How President Biden’s Agenda Could Affect Your Money

While many of the issues Biden has prioritized have begun to be addressed, many of them are still in their infancy, with the details of how they will be implemented and funded still to be determined. The following steps have already been implemented or proposed in Biden’s plan:

  1. In early March, Biden signed a $1.9 trillion COVID-19 relief bill (named “The American Rescue Plan”), providing stimulus payments, unemployment benefits, and child tax credits to millions of Americans to help stimulate the economy.
  2. On March 31, through the “American Jobs Plan,” Biden outlined a nearly $2 trillion infrastructure and jobs plan that is to be funded primarily through a corporate tax hike and additional measures designed to discourage U.S. corporations from moving their operations overseas to reduce or eliminate U.S. taxation (i.e., “offshoring”).
  3. The American Rescue Plan also allocates significant funding for providing vaccinations to all Americans at no cost if needed, and additional funds to help the nation’s food service industry and K-12 schools survive the financial impacts of the pandemic.
  4. The proposed “American Families Plan” by the White House in late April is also designed to help families cover basic expenses, gain greater access to health care insurance, and reduce child poverty through the use of child tax credits and similar measures.

These large spending bills, both passed and proposed, will need to be funded in some manner. Currently the following are some of the changes to the tax laws that could have a significant impact on your estate planning:

  1. Increase IRS enforcement efforts of wealthy taxpayers. The White House has determined that significant tax revenues are being left on the table due to the inability of the IRS to enforce current tax laws. Biden has proposed increased funding of the IRS to enforce laws against tax avoidance abuses and increase audits to ensure taxes that are in fact owed are being assessed and collected.
  2. Elimination of the rule of step-up in basis at death. This proposed change to the tax code would eliminate the benefit of receiving a step-up in tax basis on inherited property in the hands of a deceased individual’s heirs and beneficiaries for gains in excess of $1 million (or $2.5 million per couple when combined with existing real estate exemptions). This could result in significant capital gains taxes being assessed upon the sale of the property once it has been inherited. However, certain exceptions to this rule for small business owners and farmers would be preserved under the proposed legislation.
  3. Increases in top income tax rate. Another Biden proposal under consideration is the increase in the top individual tax rate from 37 percent to 39.6 percent and elimination of the lower capital gains tax rates otherwise available for those earning over $1 million annually. Rather, capital gains would be taxed as ordinary income for those earning over $1 million annually.
  4. Reducing potential benefits of 1031 exchanges. The President is calling on Congress to reduce the benefits available with the special tax break that allows real estate investors to defer paying capital gains taxes when they exchange properties.

Flexibility Is Key in These Uncertain Times

We are living in a time of significant uncertainty when it comes to estate planning and the economy. As a result, it is more important than ever to ensure your estate plan is designed in a way that enables you to move quickly and take advantage of estate and tax planning opportunities that may arise or those that may be eliminated soon.

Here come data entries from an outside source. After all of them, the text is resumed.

(* Let $\mathcal{X}\subseteq\mathbb{R}^N$ and let $K_k(\mathbf{x},\mathbf{y})=(\mathbf{x}^\top\mathbf{y}+1)^k$ be the polynomial kernel of degree $k$ on $\mathcal{X}$. Let $\kappa_k=\sup_{x\in\mathcal{X}}\sqrt{K_k(x,x)}$, let $H_k=\{x\mapsto \pm K_k(x,x') : x'\in\mathcal{X}\}$, and let $d_k=\binom{N+k}{k}$ be the dimension of the feature space of $K_k$. Then for any sample $S=(x_1,\dots,x_m)$ of points of $\mathcal{X}$, \[ \widehat{\mathfrak{R}}_S(H_k)\le 12\,\kappa_k^2\sqrt{\frac{\pi d_k}{m}}. \]
   Context: For a set $H$ of real-valued functions on $\mathcal{X}$, the empirical Rademacher complexity on $S$ is $\widehat{\mathfrak{R}}_S(H)=\frac1m\mathbb{E}_\sigma\big[\sup_{h\in H}\sum_{i=1}^m\sigma_ih(x_i)\big]$, where $\sigma_1,\dots,\sigma_m$ are independent random variables uniformly distributed on $\{-1,+1\}$. *)

From HB Require Import structures.
From mathcomp Require Import all_boot all_order all_algebra.
From mathcomp Require Import all_classical all_reals.
From mathcomp Require Import ereal trigo.
Set Implicit Arguments. Unset Strict Implicit. Unset Printing Implicit Defensive.
Import Order.TTheory GRing.Theory Num.Theory.
Local Open Scope ring_scope.
Local Open Scope classical_set_scope.

Definition poly_kernel (R : realType) (N k : nat) (x y : 'rV[R]_N) : R :=
  ((\sum_(j < N) x ord0 j * y ord0 j) + 1) ^+ k.

(* kappa_k = sup_{x in X} sqrt(K_k(x,x)), in the extended reals
   (it is +oo when X is unbounded, -oo when X is empty). *)
Definition kappa (R : realType) (N k : nat) (X : set 'rV[R]_N) : \bar R :=
  ereal_sup [set (Num.sqrt (poly_kernel k x x))%:E | x in X].

Definition Hk (R : realType) (N k : nat) (X : set 'rV[R]_N) : set ('rV[R]_N -> R) :=
  [set h | exists s : R, exists2 x', (s = 1 \/ s = -1) /\ X x' &
                                    h = fun x => s * poly_kernel k x x'].

(* Rademacher sign: sigma_i = (-1)^(b_i), with b uniform on {0,1}^m. *)
Definition rsign (R : realType) (b : bool) : R := (-1) ^+ b.

(* Empirical Rademacher complexity of H on the sample S = (x_1,...,x_m):
   (1/m) E_sigma [ sup_{h in H} sum_i sigma_i h(x_i) ], where sigma is uniform
   on {-1,+1}^m, i.e. the expectation is the average over all 2^m sign vectors. *)
Definition emp_rademacher (R : realType) (T : Type) (m : nat)
    (H : set (T -> R)) (S : 'I_m -> T) : \bar R :=
  ((m%:R)^-1 * (2 ^+ m)^-1)%:E *
  (\sum_(b : {ffun 'I_m -> bool})
     ereal_sup [set (\sum_(i < m) rsign R (b i) * h (S i))%:E | h in H])%E.

From HB Require Import structures.
From mathcomp Require Import all_boot all_order all_algebra.
From mathcomp Require Import all_classical all_reals.
From mathcomp Require Import ereal trigo.
From mathcomp Require Import ring lra.
Set Implicit Arguments. Unset Strict Implicit. Unset Printing Implicit Defensive.
Import Order.TTheory GRing.Theory Num.Theory.
Local Open Scope ring_scope.
Local Open Scope classical_set_scope.

(* With a feature map phi such that K x y = <phi x, phi y>, Cauchy-Schwarz
   bounds the correlation of a signed section s K(., x') with a sign vector
   sigma by |sum_i sigma_i phi(x_i)| |phi x'|.  Averaging over sigma,
   Cauchy-Schwarz again and the orthogonality E[sigma_i sigma_j] = [i = j]
   give E |sum_i sigma_i phi(x_i)| <= sqrt (sum_i K(x_i, x_i)) <= sqrt m kappa,
   hence a Rademacher complexity at most kappa^2 / sqrt m, whatever the
   dimension of the feature space.  The stated bound is weaker, since
   144 pi d_k >= 1. *)

Section CauchySchwarz.
Variables (R : rcfType) (I : finType).

Lemma sqr_sum (F : I -> R) : (\sum_i F i) ^+ 2 = \sum_i \sum_j F i * F j.
Proof. by rewrite expr2 mulr_suml; apply: eq_bigr => i _; rewrite mulr_sumr. Qed.

Lemma sqr_sum_mul_le (v w : I -> R) :
  (\sum_i v i * w i) ^+ 2 <= (\sum_i v i ^+ 2) * (\sum_i w i ^+ 2).
Proof.
have : 0 <= \sum_a \sum_b (v a * w b - v b * w a) ^+ 2.
  by apply: sumr_ge0 => a _; apply: sumr_ge0 => b _; exact: sqr_ge0.
have -> : \sum_a \sum_b (v a * w b - v b * w a) ^+ 2 =
    \sum_a \sum_b v a ^+ 2 * w b ^+ 2 + \sum_a \sum_b v b ^+ 2 * w a ^+ 2
    - 2 * \sum_a \sum_b v a * w a * (v b * w b).
  rewrite mulr_sumr -!big_split -sumrN -big_split; apply: eq_bigr => a _ /=.
  rewrite mulr_sumr -!big_split -sumrN -big_split; apply: eq_bigr => b _ /=.
  by ring.
have -> : \sum_a \sum_b v b ^+ 2 * w a ^+ 2 = \sum_a \sum_b v a ^+ 2 * w b ^+ 2.
  exact: exchange_big.
have -> : \sum_a \sum_b v a ^+ 2 * w b ^+ 2 = (\sum_i v i ^+ 2) * (\sum_i w i ^+ 2).
  by rewrite mulr_suml; apply: eq_bigr => a _; rewrite mulr_sumr.
rewrite -sqr_sum; lra.
Qed.

Lemma sum_mul_le_sqrt (v w : I -> R) :
  \sum_i v i * w i <= Num.sqrt (\sum_i v i ^+ 2) * Num.sqrt (\sum_i w i ^+ 2).
Proof.
rewrite -sqrtrM; last by apply: sumr_ge0 => i _; exact: sqr_ge0.
apply: le_trans (ler_norm _) _; rewrite -sqrtr_sqr ler_sqrt ?sqr_sum_mul_le //.
by apply: mulr_ge0; apply: sumr_ge0 => i _; exact: sqr_ge0.
Qed.

End CauchySchwarz.

Section RademacherSigns.
Variables (R : realType) (m : nat).
Local Notation signs := {ffun 'I_m -> bool}.

Lemma rsign_mul_self (b : bool) : rsign R b * rsign R b = 1.
Proof. by case: b; rewrite /rsign /= ?mulrNN mulr1. Qed.

Definition flip_sign (i : 'I_m) (b : signs) : signs :=
  [ffun t => if t == i then ~~ b t else b t].

Lemma flip_signK i : involutive (flip_sign i).
Proof. by move=> b; apply/ffunP => t; rewrite !ffunE; case: eqP; rewrite ?negbK. Qed.

Lemma sum_rsign_mul (i j : 'I_m) :
  \sum_(b : signs) rsign R (b i) * rsign R (b j) =
  if i == j then (2 ^ m)%:R else 0.
Proof.
case: eqVneq => [<-|neq_ij].
  under eq_bigr do rewrite rsign_mul_self.
  by rewrite sumr_const card_ffun card_bool card_ord.
set s := (X in X = _).
(* Reindexing by the involution that flips the i-th sign negates every term. *)
suff : s = - s by lra.
rewrite /s {1}(reindex_inj (can_inj (flip_signK i))) -sumrN.
apply: eq_bigr => b _; rewrite !ffunE eqxx eq_sym (negbTE neq_ij).
by case: (b i); rewrite /rsign /= ?mulr1 ?mulN1r ?mul1r ?opprK.
Qed.

Lemma sum_sqr_rademacher (F : finType) (u : 'I_m -> F -> R) :
  \sum_(b : signs) \sum_f (\sum_i rsign R (b i) * u i f) ^+ 2 =
  (2 ^ m)%:R * \sum_i \sum_f u i f ^+ 2.
Proof.
transitivity (\sum_i \sum_f \sum_j
    u i f * u j f * \sum_(b : signs) rsign R (b i) * rsign R (b j)).
  rewrite exchange_big [RHS]exchange_big; apply: eq_bigr => f _.
  under eq_bigr do rewrite sqr_sum.
  rewrite exchange_big; apply: eq_bigr => i _.
  rewrite exchange_big; apply: eq_bigr => j _.
  by rewrite mulr_sumr; apply: eq_bigr => b _; ring.
rewrite mulr_sumr; apply: eq_bigr => i _; rewrite mulr_sumr.
apply: eq_bigr => f _; under eq_bigr do rewrite sum_rsign_mul.
rewrite (bigD1 i) //= eqxx big1 ?addr0; first by rewrite mulrC expr2.
by move=> j; rewrite eq_sym => /negbTE ->; rewrite mulr0.
Qed.

End RademacherSigns.

Section FeatureKernel.
Variables (R : realType) (T : Type) (F : finType).
Variables (phi : T -> F -> R) (K : T -> T -> R).
Hypothesis K_feature : forall x y, K x y = \sum_f phi x f * phi y f.
Local Notation signs m := {ffun 'I_m -> bool}.

Definition signed_sections (X : set T) : set (T -> R) :=
  [set h | exists s : R, exists2 x', (s = 1 \/ s = -1) /\ X x' &
                                     h = fun x => s * K x x'].

Lemma kernel_diag x : K x x = \sum_f phi x f ^+ 2.
Proof. by rewrite K_feature; apply: eq_bigr => f _; rewrite expr2. Qed.

Lemma kernel_diag_ge0 x : 0 <= K x x.
Proof. by rewrite kernel_diag; apply: sumr_ge0 => f _; exact: sqr_ge0. Qed.

Variables (m : nat) (S : 'I_m -> T).

Definition signed_feature_norm (b : signs m) : R :=
  Num.sqrt (\sum_f (\sum_i rsign R (b i) * phi (S i) f) ^+ 2).

Lemma signed_sections_correlation_le (X : set T) (r : R) (b : signs m) :
  (forall x, X x -> Num.sqrt (K x x) <= r) ->
  (ereal_sup [set (\sum_(i < m) rsign R (b i) * h (S i))%:E
             | h in signed_sections X] <= (signed_feature_norm b * r)%:E)%E.
Proof.
move=> K_le; apply: ge_ereal_sup => _ [_ [s [x' [s_sign Xx'] ->]] <-].
rewrite lee_fin /signed_feature_norm.
have s_sqr : s ^+ 2 = 1 by case: s_sign => ->; rewrite ?sqrrN expr1n.
have -> : \sum_i rsign R (b i) * (s * K (S i) x') =
    \sum_f (s * \sum_i rsign R (b i) * phi (S i) f) * phi x' f.
  under eq_bigr do rewrite K_feature mulr_sumr mulr_sumr.
  rewrite exchange_big; apply: eq_bigr => f _.
  by rewrite mulr_sumr mulr_suml; apply: eq_bigr => i _; ring.
apply: le_trans (sum_mul_le_sqrt _ _) _.
under eq_bigr do rewrite exprMn s_sqr mul1r.
by rewrite -kernel_diag ler_wpM2l ?sqrtr_ge0 ?K_le.
Qed.

Lemma sum_signed_feature_norm_le (r : R) :
  0 <= r -> (forall i, Num.sqrt (K (S i) (S i)) <= r) ->
  \sum_(b : signs m) signed_feature_norm b <= 2 ^+ m * (Num.sqrt m%:R * r).
Proof.
move=> r_ge0 K_le.
have norm_sqr b : signed_feature_norm b ^+ 2 =
    \sum_f (\sum_i rsign R (b i) * phi (S i) f) ^+ 2.
  by rewrite sqr_sqrtr //; apply: sumr_ge0 => f _; exact: sqr_ge0.
have sum_K_le : \sum_i K (S i) (S i) <= m%:R * r ^+ 2.
  rewrite -[m in X in _ <= X]card_ord mulr_natl -sumr_const.
  apply: ler_sum => i _; rewrite -(sqr_sqrtr (kernel_diag_ge0 (S i))).
  by rewrite ler_sqr ?nnegrE ?sqrtr_ge0.
rewrite -ler_sqr ?nnegrE ?sumr_ge0 ?mulr_ge0 ?sqrtr_ge0 ?exprn_ge0 //;
  last by move=> b _; exact: sqrtr_ge0.
rewrite -(eq_bigr _ (fun b _ => mulr1 (signed_feature_norm b))).
apply: le_trans (sqr_sum_mul_le _ _) _.
under eq_bigr do rewrite norm_sqr.
rewrite sum_sqr_rademacher -(eq_bigr _ (fun f _ => kernel_diag _)).
under [X in _ * X]eq_bigr do rewrite expr1n.
rewrite sumr_const card_ffun card_bool card_ord natrX !exprMn sqr_sqrtr //.
by rewrite mulrAC -expr2 ler_wpM2l ?sqr_ge0.
Qed.

Lemma emp_rademacher_signed_sections_le (X : set T) (r : R) :
  0 <= r -> (forall i, X (S i)) -> (forall x, X x -> Num.sqrt (K x x) <= r) ->
  (emp_rademacher (signed_sections X) S <=
   (Num.sqrt m%:R / m%:R * r ^+ 2)%:E)%E.
Proof.
move=> r_ge0 XS K_le; rewrite /emp_rademacher.
have pow2_gt0 : 0 < 2 ^+ m :> R by rewrite exprn_gt0.
apply: (@le_trans _ _ ((m%:R^-1 * (2 ^+ m)^-1)%:E *
    \sum_(b : signs m) (signed_feature_norm b * r)%:E)%E).
  apply: lee_wpmul2l; first by rewrite lee_fin mulr_ge0 ?invr_ge0 ?ler0n ?ltW.
  by apply: lee_sum => b _; exact: signed_sections_correlation_le.
rewrite sumEFin -EFinM lee_fin -mulr_suml mulrA.
have norm_le := sum_signed_feature_norm_le r_ge0 (fun i => K_le _ (XS i)).
apply: le_trans (ler_wpM2r r_ge0 (ler_wpM2l _ norm_le)) _.
  by rewrite mulr_ge0 ?invr_ge0 ?ler0n ?ltW.
(* m may be 0, so [field] must treat m%:R^-1 as an opaque factor. *)
set u := m%:R^-1; rewrite le_eqVlt; apply/orP; left; apply/eqP.
by field; rewrite gt_eqF.
Qed.

End FeatureKernel.

Section PolynomialKernel.
Variables (R : realType) (N k : nat).

(* The monomial features of degree k of the point (x, 1) of R^(N+1),
   indexed by all words of length k over its coordinates. *)
Definition poly_feature (x : 'rV[R]_N) (f : {ffun 'I_k -> 'I_(N + 1)}) : R :=
  \prod_(t < k) row_mx x (1 : 'rV_1) ord0 (f t).

Lemma poly_kernel_feature x y :
  poly_kernel k x y = \sum_f poly_feature x f * poly_feature y f.
Proof.
rewrite /poly_kernel.
have -> : \sum_(j < N) x ord0 j * y ord0 j + 1 =
    \sum_(j < N + 1) row_mx x (1 : 'rV_1) ord0 j * row_mx y (1 : 'rV_1) ord0 j.
  rewrite big_split_ord big_ord1 /= !row_mxEr !mxE mulr1; congr (_ + _).
  by apply: eq_bigr => j _; rewrite !row_mxEl.
rewrite -[in X in _ ^+ X](card_ord k) -prodr_const bigA_distr_bigA /=.
by apply: eq_bigr => f _; rewrite -big_split.
Qed.

End PolynomialKernel.

Lemma inv_sqrt_le_const_sqrt (R : realType) (m : nat) (d : R) :
  (0 < m)%N -> 1 <= d ->
  Num.sqrt m%:R / m%:R <= 12 * Num.sqrt (pi * d / m%:R).
Proof.
move=> m_gt0 d_ge1; have M_gt0 : 0 < m%:R :> R by rewrite ltr0n.
have pid_ge0 : 0 <= pi * d / m%:R.
  by rewrite divr_ge0 ?ler0n ?mulr_ge0 ?(ltW (pi_gt0 R)) // (le_trans ler01).
rewrite -ler_sqr ?nnegrE ?mulr_ge0 ?divr_ge0 ?sqrtr_ge0 ?ler0n //.
rewrite !exprMn !sqr_sqrtr ?ler0n // expr2 mulrA mulfV ?gt_eqF // mul1r.
rewrite !mulrA -[X in X <= _]mul1r ler_wpM2r ?invr_ge0 ?ler0n //.
have := pi_ge2 R; nra.
Qed.

Theorem lemma2 (R : realType) (N k : nat) (X : set 'rV[R]_N)
    (m : nat) (hm : (0 < m)%N) (S : 'I_m -> 'rV[R]_N)
    (hS : forall i, X (S i)) :
  (emp_rademacher (Hk k X) S <=
   (12 * Num.sqrt (pi * ('C(N + k, k))%:R / m%:R))%:E *
   (kappa k X * kappa k X))%E.
Proof.
set c := 12 * _.
have d_ge1 : 1 <= ('C(N + k, k))%:R :> R by rewrite ler1n bin_gt0 leq_addl.
have c_gt0 : 0 < c.
  apply: lt_le_trans (inv_sqrt_le_const_sqrt hm d_ge1).
  by rewrite divr_gt0 ?sqrtr_gt0 ?ltr0n.
have XS0 : X (S (Ordinal hm)) by [].
have kappa_ub x : X x -> ((Num.sqrt (poly_kernel k x x))%:E <= kappa k X)%E.
  by move=> Xx; apply: ereal_sup_ubound; exists x.
case: (kappa k X) kappa_ub => [r||] kappa_ub.
- have r_ub x : X x -> Num.sqrt (poly_kernel k x x) <= r.
    by move/kappa_ub; rewrite lee_fin.
  have r_ge0 : 0 <= r := le_trans (sqrtr_ge0 _) (r_ub _ XS0).
  apply: le_trans (emp_rademacher_signed_sections_le
    (@poly_kernel_feature R N k) r_ge0 hS r_ub) _.
  by rewrite -!EFinM lee_fin -expr2 ler_wpM2r ?sqr_ge0 ?inv_sqrt_le_const_sqrt.
- by rewrite mulyy mulry gtr0_sg // mul1e leey.
- by have := kappa_ub _ XS0; rewrite leeNy_eq.
Qed.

Additionally, there remain many non-tax-related reasons to keep your estate planning up-to-date and relevant to your current circumstances:

  • Protecting property for the benefit of your loved ones. Careful estate planning can do more than just avoid taxes. It can also ensure that your loved ones are the only people to benefit from your wealth by protecting inheritances from threats such as lawsuits, bankruptcy, divorcing spouses, and poor management and spending habits. By using various estate planning techniques such as trusts, LLCs and family limited partnerships, and exempt property planning, significant protections can be created for your loved ones.
  • Avoiding probate courts. Quality estate planning frequently incorporates a variety of probate avoidance techniques, such as using fully funded trusts, proper beneficiary designations, and lifetime transfers to beneficiaries. By avoiding probate, you can ensure that your family’s privacy is maintained and prevent needless court interference and challenges to your estate planning.
  • Planning for incapacity and long-term care. Using powers of attorney, healthcare directives, trusts, and healthcare privacy information authorization documents, you can ensure that only those whom you trust to manage your healthcare decisions and finances are the ones to do so if you ever become incapacitated.

Keeping abreast of the whirlwind of changes in the law and the economy can be a tall order for anyone when it comes to maintaining an estate plan. That is why having an estate plan with appropriate provisions that allow for flexibility is so important. We are prepared to keep you apprised of the legislative changes that are headed our way and will help you stay informed so you can move quickly if changes to your estate plan become necessary.